Stored data
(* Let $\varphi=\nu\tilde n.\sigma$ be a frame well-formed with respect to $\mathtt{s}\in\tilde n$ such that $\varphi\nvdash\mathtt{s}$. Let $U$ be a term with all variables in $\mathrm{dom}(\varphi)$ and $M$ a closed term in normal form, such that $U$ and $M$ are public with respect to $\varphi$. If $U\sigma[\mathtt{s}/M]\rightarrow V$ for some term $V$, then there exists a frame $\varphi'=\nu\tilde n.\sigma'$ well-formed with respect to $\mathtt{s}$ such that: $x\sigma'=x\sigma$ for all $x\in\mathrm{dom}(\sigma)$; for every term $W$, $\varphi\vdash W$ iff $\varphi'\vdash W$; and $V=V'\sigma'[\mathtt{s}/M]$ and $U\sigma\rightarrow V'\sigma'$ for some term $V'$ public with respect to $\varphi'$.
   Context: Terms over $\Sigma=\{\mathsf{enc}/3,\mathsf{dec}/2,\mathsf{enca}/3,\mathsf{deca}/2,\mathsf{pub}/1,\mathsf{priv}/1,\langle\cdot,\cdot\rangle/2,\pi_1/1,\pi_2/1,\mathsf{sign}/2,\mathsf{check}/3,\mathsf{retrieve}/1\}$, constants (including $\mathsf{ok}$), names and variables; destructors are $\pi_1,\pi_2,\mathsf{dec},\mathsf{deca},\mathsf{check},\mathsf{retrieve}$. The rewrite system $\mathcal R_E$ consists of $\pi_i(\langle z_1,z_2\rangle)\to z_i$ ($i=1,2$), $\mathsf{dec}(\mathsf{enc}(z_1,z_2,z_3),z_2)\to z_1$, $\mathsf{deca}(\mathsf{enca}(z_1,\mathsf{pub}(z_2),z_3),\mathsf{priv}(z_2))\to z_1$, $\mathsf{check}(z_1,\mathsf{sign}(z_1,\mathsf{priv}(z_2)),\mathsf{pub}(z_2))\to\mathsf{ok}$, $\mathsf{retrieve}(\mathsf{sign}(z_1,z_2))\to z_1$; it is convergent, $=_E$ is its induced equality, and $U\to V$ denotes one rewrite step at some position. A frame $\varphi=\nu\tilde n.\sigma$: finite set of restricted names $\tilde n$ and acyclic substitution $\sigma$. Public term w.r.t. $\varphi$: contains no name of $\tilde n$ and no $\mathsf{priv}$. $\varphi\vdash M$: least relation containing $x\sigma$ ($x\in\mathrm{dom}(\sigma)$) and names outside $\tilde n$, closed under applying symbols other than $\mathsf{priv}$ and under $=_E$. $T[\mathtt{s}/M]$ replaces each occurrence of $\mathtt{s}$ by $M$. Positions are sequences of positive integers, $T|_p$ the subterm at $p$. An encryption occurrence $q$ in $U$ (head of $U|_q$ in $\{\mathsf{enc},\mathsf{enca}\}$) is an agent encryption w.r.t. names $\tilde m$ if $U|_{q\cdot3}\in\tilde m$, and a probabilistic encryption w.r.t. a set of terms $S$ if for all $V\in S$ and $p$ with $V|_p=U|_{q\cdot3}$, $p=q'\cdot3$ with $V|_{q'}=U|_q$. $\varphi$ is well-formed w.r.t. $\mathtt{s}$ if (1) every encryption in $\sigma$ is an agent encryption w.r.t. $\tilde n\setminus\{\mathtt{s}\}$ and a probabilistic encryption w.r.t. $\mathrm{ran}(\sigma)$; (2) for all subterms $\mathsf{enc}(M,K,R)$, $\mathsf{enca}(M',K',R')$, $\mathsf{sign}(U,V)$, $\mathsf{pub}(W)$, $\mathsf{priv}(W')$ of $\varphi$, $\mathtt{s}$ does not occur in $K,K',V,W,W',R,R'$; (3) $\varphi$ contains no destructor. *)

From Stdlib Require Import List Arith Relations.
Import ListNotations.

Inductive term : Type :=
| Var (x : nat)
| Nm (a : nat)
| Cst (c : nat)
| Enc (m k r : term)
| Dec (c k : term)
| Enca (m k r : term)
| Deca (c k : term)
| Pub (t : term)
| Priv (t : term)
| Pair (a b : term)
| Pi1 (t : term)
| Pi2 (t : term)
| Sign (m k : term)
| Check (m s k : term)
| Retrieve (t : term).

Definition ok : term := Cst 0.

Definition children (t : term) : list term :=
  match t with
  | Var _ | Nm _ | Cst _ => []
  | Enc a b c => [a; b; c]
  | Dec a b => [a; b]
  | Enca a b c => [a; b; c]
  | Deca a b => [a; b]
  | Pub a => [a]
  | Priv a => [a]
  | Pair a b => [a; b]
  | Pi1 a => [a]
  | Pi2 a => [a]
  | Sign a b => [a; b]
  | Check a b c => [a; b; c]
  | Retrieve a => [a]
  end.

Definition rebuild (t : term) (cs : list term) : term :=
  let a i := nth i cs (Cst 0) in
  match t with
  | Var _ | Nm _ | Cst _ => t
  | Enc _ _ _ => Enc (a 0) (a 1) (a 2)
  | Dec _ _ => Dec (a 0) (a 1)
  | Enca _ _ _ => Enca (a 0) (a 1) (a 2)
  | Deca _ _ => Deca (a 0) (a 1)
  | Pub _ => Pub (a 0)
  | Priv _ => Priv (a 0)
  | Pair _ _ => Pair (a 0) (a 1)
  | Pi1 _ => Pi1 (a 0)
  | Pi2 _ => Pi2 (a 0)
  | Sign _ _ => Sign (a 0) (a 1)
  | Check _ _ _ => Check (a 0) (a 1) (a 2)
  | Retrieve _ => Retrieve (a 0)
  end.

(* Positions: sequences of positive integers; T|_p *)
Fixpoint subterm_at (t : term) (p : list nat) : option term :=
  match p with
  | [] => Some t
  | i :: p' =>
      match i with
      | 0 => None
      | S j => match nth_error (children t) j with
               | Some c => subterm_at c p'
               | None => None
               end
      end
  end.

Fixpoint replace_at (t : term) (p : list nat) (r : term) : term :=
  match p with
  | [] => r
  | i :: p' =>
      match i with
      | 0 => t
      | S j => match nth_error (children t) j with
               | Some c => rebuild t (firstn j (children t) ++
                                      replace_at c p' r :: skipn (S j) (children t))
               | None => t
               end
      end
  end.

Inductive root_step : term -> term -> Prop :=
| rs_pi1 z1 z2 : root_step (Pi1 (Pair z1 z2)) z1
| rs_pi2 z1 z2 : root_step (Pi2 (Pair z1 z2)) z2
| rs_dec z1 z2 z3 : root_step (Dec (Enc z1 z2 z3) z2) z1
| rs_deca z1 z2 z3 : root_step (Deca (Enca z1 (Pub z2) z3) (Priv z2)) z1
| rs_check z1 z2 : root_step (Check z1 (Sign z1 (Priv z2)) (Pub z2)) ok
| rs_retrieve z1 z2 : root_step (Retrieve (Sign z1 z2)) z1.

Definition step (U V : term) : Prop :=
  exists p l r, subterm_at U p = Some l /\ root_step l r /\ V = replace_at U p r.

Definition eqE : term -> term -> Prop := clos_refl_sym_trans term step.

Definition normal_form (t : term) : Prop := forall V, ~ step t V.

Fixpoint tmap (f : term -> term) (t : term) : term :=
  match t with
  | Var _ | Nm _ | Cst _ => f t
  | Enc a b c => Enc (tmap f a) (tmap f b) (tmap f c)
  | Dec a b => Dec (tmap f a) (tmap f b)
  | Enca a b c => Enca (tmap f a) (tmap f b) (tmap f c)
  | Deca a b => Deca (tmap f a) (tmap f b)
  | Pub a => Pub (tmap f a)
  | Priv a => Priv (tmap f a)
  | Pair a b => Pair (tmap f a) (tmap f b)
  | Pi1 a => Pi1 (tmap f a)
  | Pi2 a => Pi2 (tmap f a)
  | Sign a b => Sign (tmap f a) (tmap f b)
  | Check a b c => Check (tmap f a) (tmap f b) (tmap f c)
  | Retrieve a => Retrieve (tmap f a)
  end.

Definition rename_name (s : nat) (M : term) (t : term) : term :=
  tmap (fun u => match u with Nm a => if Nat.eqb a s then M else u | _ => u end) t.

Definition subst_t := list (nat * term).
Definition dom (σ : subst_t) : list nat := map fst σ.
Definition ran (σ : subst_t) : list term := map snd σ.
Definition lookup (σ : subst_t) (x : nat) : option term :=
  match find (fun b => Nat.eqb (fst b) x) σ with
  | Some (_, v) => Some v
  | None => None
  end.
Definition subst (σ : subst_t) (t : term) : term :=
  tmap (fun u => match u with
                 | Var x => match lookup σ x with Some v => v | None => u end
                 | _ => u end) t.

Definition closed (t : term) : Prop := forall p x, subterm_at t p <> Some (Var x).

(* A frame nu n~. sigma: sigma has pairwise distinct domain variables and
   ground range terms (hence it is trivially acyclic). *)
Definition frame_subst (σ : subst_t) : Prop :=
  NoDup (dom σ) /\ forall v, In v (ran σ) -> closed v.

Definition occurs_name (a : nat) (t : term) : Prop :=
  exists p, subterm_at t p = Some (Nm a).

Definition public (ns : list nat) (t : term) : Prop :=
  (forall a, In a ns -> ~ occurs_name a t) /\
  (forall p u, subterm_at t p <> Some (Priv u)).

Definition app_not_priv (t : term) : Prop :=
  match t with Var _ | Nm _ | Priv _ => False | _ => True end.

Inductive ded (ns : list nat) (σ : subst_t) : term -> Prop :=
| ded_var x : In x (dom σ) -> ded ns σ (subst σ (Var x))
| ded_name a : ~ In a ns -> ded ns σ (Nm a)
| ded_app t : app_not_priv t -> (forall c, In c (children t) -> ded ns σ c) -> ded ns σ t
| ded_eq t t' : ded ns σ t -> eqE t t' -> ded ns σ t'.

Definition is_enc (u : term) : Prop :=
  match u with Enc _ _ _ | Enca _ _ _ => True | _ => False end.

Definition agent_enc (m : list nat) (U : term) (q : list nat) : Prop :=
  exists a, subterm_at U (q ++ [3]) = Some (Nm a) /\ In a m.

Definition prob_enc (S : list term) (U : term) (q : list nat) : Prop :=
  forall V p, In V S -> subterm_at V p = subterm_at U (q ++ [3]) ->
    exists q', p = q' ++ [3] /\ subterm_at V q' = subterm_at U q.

Task prompt -
Could you print the lines of the records above from the one containing "Definition ran (σ" through the last, exactly and with no additions?

Response below -
Definition ran (σ : subst_t) : list term := map snd σ.
Definition lookup (σ : subst_t) (x : nat) : option term :=
  match find (fun b => Nat.eqb (fst b) x) σ with
  | Some (_, v) => Some v
  | None => None
  end.
Definition subst (σ : subst_t) (t : term) : term :=
  tmap (fun u => match u with
                 | Var x => match lookup σ x with Some v => v | None => u end
                 | _ => u end) t.

Definition closed (t : term) : Prop := forall p x, subterm_at t p <> Some (Var x).

(* A frame nu n~. sigma: sigma has pairwise distinct domain variables and
   ground range terms (hence it is trivially acyclic). *)
Definition frame_subst (σ : subst_t) : Prop :=
  NoDup (dom σ) /\ forall v, In v (ran σ) -> closed v.

Definition occurs_name (a : nat) (t : term) : Prop :=
  exists p, subterm_at t p = Some (Nm a).

Definition public (ns : list nat) (t : term) : Prop :=
  (forall a, In a ns -> ~ occurs_name a t) /\
  (forall p u, subterm_at t p <> Some (Priv u)).

Definition app_not_priv (t : term) : Prop :=
  match t with Var _ | Nm _ | Priv _ => False | _ => True end.

Inductive ded (ns : list nat) (σ : subst_t) : term -> Prop :=
| ded_var x : In x (dom σ) -> ded ns σ (subst σ (Var x))
| ded_name a : ~ In a ns -> ded ns σ (Nm a)
| ded_app t : app_not_priv t -> (forall c, In c (children t) -> ded ns σ c) -> ded ns σ t
| ded_eq t t' : ded ns σ t -> eqE t t' -> ded ns σ t'.

Definition is_enc (u : term) : Prop :=
  match u with Enc _ _ _ | Enca _ _ _ => True | _ => False end.

Definition agent_enc (m : list nat) (U : term) (q : list nat) : Prop :=
  exists a, subterm_at U (q ++ [3]) = Some (Nm a) /\ In a m.

Definition prob_enc (S : list term) (U : term) (q : list nat) : Prop :=
  forall V p, In V S -> subterm_at V p = subterm_at U (q ++ [3]) ->
    exists q', p = q' ++ [3] /\ subterm_at V q' = subterm_at U q.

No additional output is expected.